Le 19 décembre 2024, la commission a déclaré la demande recevable.
Estimant la situation de Madame [J] [L] irrémédiablement compromise, la commission a imposé le 20 février 2025 un rétablissement personnel sans liquidation judiciaire.
Madame [D] [K], à qui cette décision a été notifiée par lettre recommandée avec avis de réception reçue le 28 février 2025, a adressé au secrétariat de la commission une contestation par lettre recommandée avec avis de réception expédiée le 18 mars 2025, courrier reçu le 24 mars 2025.
Le dossier a été transmis au greffe du juge des contentieux de la protection le 24 mars 2025.
Conformément aux dispositions de l’article R. 741-11 du code de la consommation, Madame [J] [L] et ses créanciers ont été convoqués à l’audience du 19 mai 2025, par lettre recommandée avec avis de réception.

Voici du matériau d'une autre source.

Lemma ord_div_blk (j : 'I_m) (a : 'I_n) : ord_div (blk j a) = j.
Proof. exact/val_inj/blk_div. Qed.

Lemma ord_mod_blk (j : 'I_m) (a : 'I_n) : ord_mod (blk j a) = a.
Proof. exact/val_inj/blk_mod. Qed.

Lemma blk_ge (j : 'I_m) (a : 'I_n) : (j * n <= blk j a)%N.
Proof. exact: leq_addr. Qed.

Lemma blk_lt (j : 'I_m) (a : 'I_n) (j' : nat) : (j < j')%N -> (blk j a < j' * n)%N.
Proof. by move=> jj'; have := ltn_ord a; rewrite /=; nia. Qed.

Lemma big_nat_blocks (R : pzRingType) (x : nat -> R) (j : nat) :
  \prod_(0 <= i < j) \prod_(a < n) x (i * n + a)%N = \prod_(0 <= b < j * n) x b.
Proof.
elim: j => [|j IH]; first by rewrite !big_geq.
rewrite big_nat_recr //= IH mulSn addnC [RHS](big_cat_nat (n := (j * n)%N)) ?leq_addr //.
congr (_ * _); rewrite (big_addn 0 _ (j * n)) addKn big_mkord.
by apply: eq_bigr => a _; rewrite addnC.
Qed.

(* The redundant filter [a < n] is the one of [fcomm _ _ n]. *)
Lemma prod_blk (R : pzRingType) (x : 'I_(m * n) -> R) (j : nat) : (j <= m)%N ->
  \prod_(i < m | (i < j)%N) \prod_(a < n | (a < n)%N) x (blk i a) =
  \prod_(b < m * n | (b < j * n)%N) x b.
Proof.
move=> jm; pose y b := oapp x 1 (insub b).
have yE (i : 'I_m) (a : 'I_n) : x (blk i a) = y (i * n + a)%N.
  by rewrite /y insubT ?blk_proof //= => lt; congr x; apply: val_inj.
transitivity (\prod_(i < m | (i < j)%N) \prod_(a < n) y (i * n + a)%N).
  by apply: eq_bigr => i _; rewrite big_mkcond; apply: eq_bigr => a _; rewrite ltn_ord yE.
rewrite -(big_ord_widen _ (fun i => \prod_(a < n) y (i * n + a)%N) jm).
rewrite -(big_mkord xpredT (fun i => \prod_(a < n) y (i * n + a)%N)).
rewrite big_nat_blocks big_mkord (big_ord_widen _ y (leq_mul jm (leqnn n))).
by apply: eq_bigr => b _; rewrite /y valK.
Qed.
End Blocks.

Lemma Clq_rel_blocks (F : fieldType) (q : F) (k n m : nat) (n_gt0 : (0 < n)%N)
    (R : algType F) (psi psis om omi : 'I_m -> 'I_n -> R) :
  (forall j, Clq_rel q k (psi j) (psis j) (om j) (omi j)) ->
  (forall i j a b, i != j -> GRing.comm (om i a) (om j b)) ->
  (forall i j a b s, i != j -> GRing.comm (om i a) (clq_phi (psi j) (psis j) s b)) ->
  (forall i j a b s t, i != j ->
     anticomm (clq_phi (psi i) (psis i) s a) (clq_phi (psi j) (psis j) t b)) ->
  let blocks (x : 'I_m -> 'I_n -> R) b := x (ord_div n_gt0 b) (ord_mod n_gt0 b) in
  Clq_rel q k (blocks psi) (blocks psis) (blocks om) (blocks omi).
Proof.
move=> rel omC_ij om_phi_ij phi_ij blocks b1 b2.
rewrite /blocks -(blk_div_mod n_gt0 b1) -(blk_div_mod n_gt0 b2).
rewrite !(ord_div_blk n_gt0) !(ord_mod_blk n_gt0) (blk_eq n_gt0).
move: (ord_div n_gt0 b1) (ord_mod n_gt0 b1) (ord_div n_gt0 b2) (ord_mod n_gt0 b2) => i a j b.
have [<-|ij] := eqVneq i j; first exact: rel.
have [_ [om_omi [_ [_ [_ [_ [omi_expk [om_expk _]]]]]]]] := rel i a a.
rewrite /= !expr0 invr1 !scale1r.
split; first exact: omC_ij.
split; first exact: om_omi.
split; first exact: (om_phi_ij _ _ _ _ true ij).
split; first exact: (om_phi_ij _ _ _ _ false ij).
split; first exact/anticommP/(phi_ij _ _ _ _ true true ij).
split; first exact/anticommP/(phi_ij _ _ _ _ false false ij).
split; first exact: omi_expk.
split; first exact: om_expk.
by move=> _; apply/anticommP/(phi_ij _ _ _ _ true false ij).
Qed.

Section CliffordTensorPower.
Variables (F : fieldType) (q : F) (n m k : nat).
Hypotheses (two_neq0 : (2 : F) != 0) (q_neq0 : q != 0).
Hypotheses (n_gt0 : (0 < n)%N) (k_gt0 : (0 < k)%N).
Variables (A : algType F) (psiA psisA omA omiA : 'I_n -> A).
Hypothesis ClqA : is_Clq q k psiA psisA omA omiA.
Variables (B : algType F) (psiB psisB omB omiB : 'I_(m * n) -> B).
Hypothesis ClqB : is_Clq q k psiB psisB omB omiB.
Variables (T : algType F) (iota : 'I_m -> {lrmorphism A -> T}).
Hypothesis tensorT : is_tensor_power iota.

A l’audience, Madame [J] [L], représentée par son conseil, expose que Madame [D] [K] a fait preuve de mauvaise foi. Elle précise qu’une ordonnance en référé en date du 15 octobre 2024 a prononcé la résiliation du bail et a expulsé la locataire, et que cette dernière est demeurée dans le logement jusqu’à la dernière minute. Elle souligne que la procédure de surendettement a été entamée par Madame [D] [K] quelques jours après la décision judiciaire, et qu’elle ne porte que sur une seule dette, la créance locative, qui s’élève à 20 000 euros. Elle considère que Madame [D] [K] est jeune et peut donc retrouver un emploi pour apurer la dette, et qu’en conséquence sa situation n’est pas irrémédiablement compromise.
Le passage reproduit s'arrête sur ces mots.